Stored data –

(* For every $m\ge1$ and every $n\ge\lfloor m/2\rfloor+m$, there exist $m$ preference lists on the ground set $\{1,\ldots,n\}$ for which the number of distinct images of efficient matchings is $\Omega\!\left(\frac{2^m}{\sqrt{m}}\right)$ (with the implied constant independent of $m,n$).
   Context: A system of $m$ preference lists on $\{1,\ldots,n\}$ assigns to each $i\in\{1,\ldots,m\}$ a list $L(i)$, a strict total ordering of $\{1,\ldots,n\}$. A matching is an injective map $\pi:\{1,\ldots,m\}\to\{1,\ldots,n\}$, and its image is the set $\pi(\{1,\ldots,m\})$. A matching $\pi$ is better than a distinct matching $\sigma$ if for each $i$ either $\pi(i)=\sigma(i)$ or $\pi(i)$ appears before $\sigma(i)$ in $L(i)$. A matching is efficient if no matching is better than it. *)

From mathcomp Require Import all_boot all_fingroup.
Set Implicit Arguments. Unset Strict Implicit. Unset Printing Implicit Defensive.

(* Ground set {1,...,n} is modelled by 'I_n, agents {1,...,m} by 'I_m.
   A preference list L(i) (a strict total order of 'I_n) is encoded by the
   bijection [pos : {perm 'I_n}] giving the position of each element in the
   list: x appears before y in L(i) iff pos x < pos y. *)
Definition prefsys (m n : nat) := {ffun 'I_m -> {perm 'I_n}}.

Definition before m n (L : prefsys m n) (i : 'I_m) (x y : 'I_n) : bool :=
  L i x < L i y.

Definition matching m n (p : {ffun 'I_m -> 'I_n}) : bool := injectiveb p.

Definition image m n (p : {ffun 'I_m -> 'I_n}) : {set 'I_n} := p @: 'I_m.

Definition better m n (L : prefsys m n) (p s : {ffun 'I_m -> 'I_n}) : bool :=
  [&& matching p, matching s, p != s &
      [forall i, (p i == s i) || before L i (p i) (s i)]].

Definition efficient m n (L : prefsys m n) (p : {ffun 'I_m -> 'I_n}) : bool :=
  matching p && [forall s, ~~ better L s p].

Definition num_eff_images m n (L : prefsys m n) : nat :=
  #|[set image p | p in [pred p | efficient L p]]|.

(* Let k = m/2.  Agent i ranks the k common items 0, ..., k-1 first and then
   an item k + i of its own.  For every k-set S of agents, the matching that
   sends S increasingly onto the common items and every other agent to its own
   item is efficient: in a better matching the agents of S can only move to
   common items, so they use all of them and everybody else keeps its own item;
   comparing the sums of the positions on S then forces equality.  The image
   of this matching determines S, whence at least C(m, m/2) efficient images,
   and C(m, m/2) >= 2^m / (2 sqrt m) follows by induction from
   (k+1) C(2k+2, k+1) = 2 (2k+1) C(2k, k). *)

From Pilot Require Import Defs.
From mathcomp Require Import all_boot all_fingroup zify.
From Stdlib Require Import Reals Lra.
(* Reals rebinds [^] on nat to [Nat.pow]; restore ssrnat's [expn]. *)
Import ssrnat.

Set Implicit Arguments.
Unset Strict Implicit.
Unset Printing Implicit Defensive.

Lemma card_ord_lt N k : k <= N -> #|[set y : 'I_N | y < k]| = k.
Proof.
move=> kN; rewrite -sum1_card (eq_bigl (fun y : 'I_N => y < k)) => [|y]; last by rewrite inE.
by rewrite (big_ord_narrow kN) sum1_card card_ord.
Qed.

Lemma leq_imset_eq (T : finType) N (S : {set T}) (f g : T -> 'I_N) :
  {in S &, injective f} -> {in S &, injective g} -> f @: S = g @: S ->
  {in S, forall i, f i <= g i} -> {in S, f =1 g}.
Proof.
move=> f_inj g_inj fSgS le_fg.
have sum_fg : \sum_(i in S) nat_of_ord (f i) = \sum_(i in S) nat_of_ord (g i).
  rewrite -(big_imset (fun y : 'I_N => nat_of_ord y) f_inj).
  by rewrite -(big_imset (fun y : 'I_N => nat_of_ord y) g_inj) fSgS.
have /leqif_sum [_] : forall i, i \in S -> f i <= g i ?= iff (f i == g i :> nat).
  by move=> i iS; split; [exact: le_fg|].
rewrite sum_fg eqxx => /esym/forall_inP eq_fg i iS.
by apply: val_inj; apply/eqP; exact: eq_fg.
Qed.

Section SwapPreferences.

Variables m n k : nat.
Hypothesis k_m_le : k + m <= n.+1.

Lemma k_le : k <= n.+1.
Proof. exact: leq_trans (leq_addr m k) k_m_le. Qed.

Lemma own_lt (i : 'I_m) : k + i < n.+1.
Proof. by apply: leq_trans k_m_le; rewrite ltn_add2l. Qed.

Lemma k_lt (i : 'I_m) : k < n.+1.
Proof. exact: leq_ltn_trans (leq_addr i k) (own_lt i). Qed.

Definition own (i : 'I_m) : 'I_n.+1 := inord (k + i).

Lemma own_val i : own i = k + i :> nat.
Proof. exact: inordK (own_lt i). Qed.

(* As a position map, [tperm (inord k) (own i)] leaves the common items at
   positions 0, ..., k-1 and moves [own i] to position k. *)
Definition swap_prefs : prefsys m n.+1 := [ffun i => tperm (inord k) (own i)].

Lemma swap_prefs_low i (y : 'I_n.+1) : y < k -> swap_prefs i y = y.
Proof.
move=> y_lt; rewrite ffunE tpermD //; apply: contraTneq y_lt => <-.
  by rewrite inordK ?ltnn // (k_lt i).
by rewrite own_val -leqNgt leq_addr.
Qed.

Lemma swap_prefs_own i : swap_prefs i (own i) = k :> nat.
Proof. by rewrite ffunE tpermR inordK // (k_lt i). Qed.

Lemma ltn_swap_prefs i (y : 'I_n.+1) : (swap_prefs i y < k) = (y < k).
Proof.
have [y_lt|y_ge] := ltnP y k; first by rewrite swap_prefs_low.
apply/negbTE; rewrite -leqNgt ffunE; case: tpermP => [_|_|//].
  by rewrite own_val leq_addr.
by rewrite inordK // (k_lt i).
Qed.

Definition low : {set 'I_n.+1} := [set y : 'I_n.+1 | y < k].

Section SetMatching.

Variable S : {set 'I_m}.
Hypothesis card_S : #|S| = k.

Definition set_matching : {ffun 'I_m -> 'I_n.+1} :=
  [ffun i => if i \in S then inord (index i (enum S)) else own i].

Lemma index_enum_lt i : i \in S -> index i (enum S) < k.
Proof. by rewrite -card_S cardE index_mem mem_enum. Qed.

Lemma set_matching_in i : i \in S -> set_matching i = index i (enum S) :> nat.
Proof.
move=> iS; rewrite ffunE iS inordK //.
exact: leq_trans (index_enum_lt iS) k_le.
Qed.

Lemma set_matching_low i : i \in S -> set_matching i < k.
Proof. by move=> iS; rewrite set_matching_in ?index_enum_lt. Qed.

Lemma set_matching_out i : i \notin S -> set_matching i = own i.
Proof. by rewrite ffunE => /negbTE ->. Qed.

Lemma own_notin_low i : own i \notin low.
Proof. by rewrite inE own_val -leqNgt leq_addr. Qed.

Lemma set_matching_inj : injective set_matching.
Proof.
move=> i j; have [iS|iS] := boolP (i \in S); have [jS|jS] := boolP (j \in S).
- move/(congr1 val); rewrite /= !set_matching_in // => /(congr1 (nth i (enum S))).
  by rewrite !nth_index ?mem_enum.
- move=> eq_ij; have := own_notin_low j.
  by rewrite -set_matching_out // -eq_ij inE set_matching_low.
- move=> eq_ij; have := own_notin_low i.
  by rewrite -set_matching_out // eq_ij inE set_matching_low.
- rewrite !set_matching_out // => /(congr1 (@nat_of_ord _)); rewrite !own_val.
  by move/addnI/val_inj.
Qed.

Lemma imset_low (f : 'I_m -> 'I_n.+1) :
  {in S &, injective f} -> {in S, forall i, f i < k} -> f @: S = low.
Proof.
move=> f_inj f_low; apply/eqP; rewrite eqEcard card_in_imset // card_S.
rewrite /low card_ord_lt ?k_le // leqnn andbT.
by apply/subsetP => _ /imsetP [i iS ->]; rewrite inE f_low.
Qed.

Lemma own_in_image i : (own i \in Defs.image set_matching) = (i \notin S).
Proof.
apply/imsetP/idP => [[j _ own_ij]|iS]; last by exists i; rewrite ?set_matching_out.
have [jS|jS] := boolP (j \in S).
  by have := own_notin_low i; rewrite own_ij inE set_matching_low.
move: own_ij; rewrite set_matching_out // => /(congr1 (@nat_of_ord _)).
by rewrite !own_val => /addnI/val_inj ->.
Qed.

Section WeaklyBetter.

Variable s : {ffun 'I_m -> 'I_n.+1}.
Hypothesis s_inj : injective s.
Hypothesis s_better :
  forall i, (s i == set_matching i) || before swap_prefs i (s i) (set_matching i).

Lemma better_in i : i \in S -> s i < k /\ s i <= set_matching i.
Proof.
move=> iS; have sm_low := set_matching_low iS.
case/orP: (s_better i) => [/eqP -> //|].
rewrite /before (swap_prefs_low _ sm_low) => lt_s.
have s_low : s i < k by rewrite -(ltn_swap_prefs i) (ltn_trans lt_s).
by move: lt_s; rewrite swap_prefs_low // => /ltnW.
Qed.

Lemma better_imset : s @: S = low.
Proof.
apply: imset_low => [i j _ _ /s_inj //|i iS].
exact: (better_in iS).1.
Qed.

Lemma better_out i : i \notin S -> s i = set_matching i.
Proof.
move=> iS; case/orP: (s_better i) => [/eqP //|].
rewrite /before set_matching_out // swap_prefs_own ltn_swap_prefs => s_low.
have : s i \in s @: S by rewrite better_imset inE.
by case/imsetP=> j jS /s_inj eq_ij; move: iS; rewrite eq_ij jS.
Qed.

Lemma better_eq : s = set_matching.
Proof.
apply/ffunP => i; have [iS|] := boolP (i \in S); last exact: better_out.
have sm_inj : {in S &, injective set_matching} by move=> j l _ _ /set_matching_inj.
apply: (leq_imset_eq _ sm_inj _ _ iS) => [j l _ _ /s_inj //||j jS].
  by rewrite better_imset imset_low //; exact: set_matching_low.
exact: (better_in jS).2.
Qed.

End WeaklyBetter.

Lemma set_matching_efficient : efficient swap_prefs set_matching.
Proof.
rewrite /efficient /matching (introT (injectiveP _) set_matching_inj).
apply/forallP => s; apply/negP => /and4P [/injectiveP s_inj _ s_neq /forallP s_better].
by move: s_neq; rewrite (better_eq s_inj s_better) eqxx.
Qed.

End SetMatching.

Lemma image_set_matching_inj :
  {in [set S : {set 'I_m} | #|S| == k] &, injective (fun S => Defs.image (set_matching S))}.
Proof.
move=> S1 S2; rewrite !inE => /eqP card_S1 /eqP card_S2 eq_im; apply/setP => i.
by apply: negb_inj; rewrite -!own_in_image // eq_im.
Qed.

Lemma bin_le_num_eff_images : 'C(m, k) <= num_eff_images swap_prefs.
Proof.
rewrite /num_eff_images -[m in 'C(m, _)]card_ord -card_draws.
rewrite -(card_in_imset image_set_matching_inj); apply: subset_leq_card.
apply/subsetP => _ /imsetP [S + ->]; rewrite inE => /eqP card_S.
by apply/imsetP; exists (set_matching S); rewrite // inE set_matching_efficient.
Qed.

End SwapPreferences.

Lemma bin_odd_mid k : 'C(k.*2.+1, k.+1) = 'C(k.*2.+1, k).
Proof.
rewrite -bin_sub; last by rewrite -addnn; lia.
congr 'C(_, _); rewrite -addnn; lia.
Qed.

Lemma mul_central_binS k :
  k.+1 * 'C(k.+1.*2, k.+1) = 2 * k.*2.+1 * 'C(k.*2, k).
Proof.
have := mul_bin_diag k.*2.+1 k; rewrite /= bin_odd_mid => diag.
by rewrite -mul_bin_diag /= -mul2n -mulnA -diag mulnA.
Qed.

Lemma central_bin_lb k : 0 < k -> 16 ^ k <= 4 * k * 'C(k.*2, k) ^ 2.
Proof.
case: k => // k _; elim: k => [//|k IH].
rewrite -(leq_pmul2l (ltn0Sn k.+1)).
have -> : k.+2 * (4 * k.+2 * 'C(k.+2.*2, k.+2) ^ 2) = 4 * (k.+2 * 'C(k.+2.*2, k.+2)) ^ 2.
  by rewrite !expnS expn0; nia.
rewrite mul_central_binS expnS.
move: IH; set C := 'C(_, _); clearbody C; rewrite -!addnn; nia.
Qed.

Lemma bin_mid_lb m : 0 < m -> 4 ^ m <= 4 * m * 'C(m, m./2) ^ 2.
Proof.
rewrite -[m]odd_double_half half_bit_double.
have pow4_double k : 4 ^ k.*2 = 16 ^ k by rewrite -mul2n expnM.
case: (odd m); move: m./2 => k /=.
- have := @central_bin_lb k.+1 isT.
  rewrite doubleS binS bin_odd_mid add1n !expnS pow4_double.
  set C := 'C(_, k); clearbody C; move: (_ ^ k) => X; nia.
- rewrite add0n pow4_double -addnn => k_gt0.
  apply: leq_trans (@central_bin_lb k _) _; first lia.
  by rewrite -addnn leq_mul2r leq_mul2l leq_addr !orbT.
Qed.

Lemma INR_expn a b : INR (a ^ b) = (INR a ^ b)%R.
Proof. by elim: b => [|b IH] //=; rewrite expnS -multE mult_INR IH. Qed.

Lemma bin_mid_real_lb m : 0 < m ->
  (1/2 * 2 ^ m / sqrt (INR m) <= INR 'C(m, m./2))%R.
Proof.
move=> m_gt0; have PP_le := le_INR _ _ (leP (bin_mid_lb m_gt0)).
have INR4 : INR 4 = 4%R by simpl; lra.
have pow4 : (4 ^ m = 2 ^ m * 2 ^ m)%R.
  by rewrite -Rpow_mult_distr; congr (_ ^ _)%R; lra.
rewrite -!multE !mult_INR !INR_expn INR4 pow4 in PP_le.
rewrite -(sqrt_sqrt _ (pos_INR m)) in PP_le.
have s_gt0 : (0 < sqrt (INR m))%R by apply/sqrt_lt_R0/lt_0_INR/ltP.
have C_ge0 := pos_INR 'C(m, m./2).
have P_ge0 : (0 <= 2 ^ m)%R by apply: pow_le; lra.
move: PP_le s_gt0 C_ge0 P_ge0.
set C := INR 'C(_, _); set P := (2 ^ m)%R; set s := sqrt _.
move=> PP_le s_gt0 C_ge0 P_ge0; apply: (Rmult_le_reg_r s) => //.
have -> : (1 / 2 * P / s * s = P / 2)%R by field; lra.
have Cs_ge0 : (0 <= C * s)%R by apply: Rmult_le_pos; lra.
apply: Rnot_lt_le => lt_Cs; nra.
Qed.

Theorem proposition1 :
  exists c : R, (0 < c)%R /\
    forall m n : nat, (1 <= m)%N -> (m./2 + m <= n)%N ->
      exists L : prefsys m n,
        (c * (2 ^ m) / sqrt (INR m) <= INR (num_eff_images L))%R.
Proof.
exists (1/2)%R; split; first lra.
move=> m [|n] m_gt0 le_mn; first by move: le_mn m_gt0; lia.
exists (swap_prefs m n m./2).
apply: Rle_trans (bin_mid_real_lb m_gt0) _.
exact/le_INR/leP/bin_le_num_eff_images.
Qed.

About this exercise – For this exercise, return every line from the data that holds the string "injectiveP".

Output –
rewrite /efficient /matching (introT (injectiveP _) set_matching_inj).
apply/forallP => s; apply/negP => /and4P [/injectiveP s_inj _ s_neq /forallP s_better].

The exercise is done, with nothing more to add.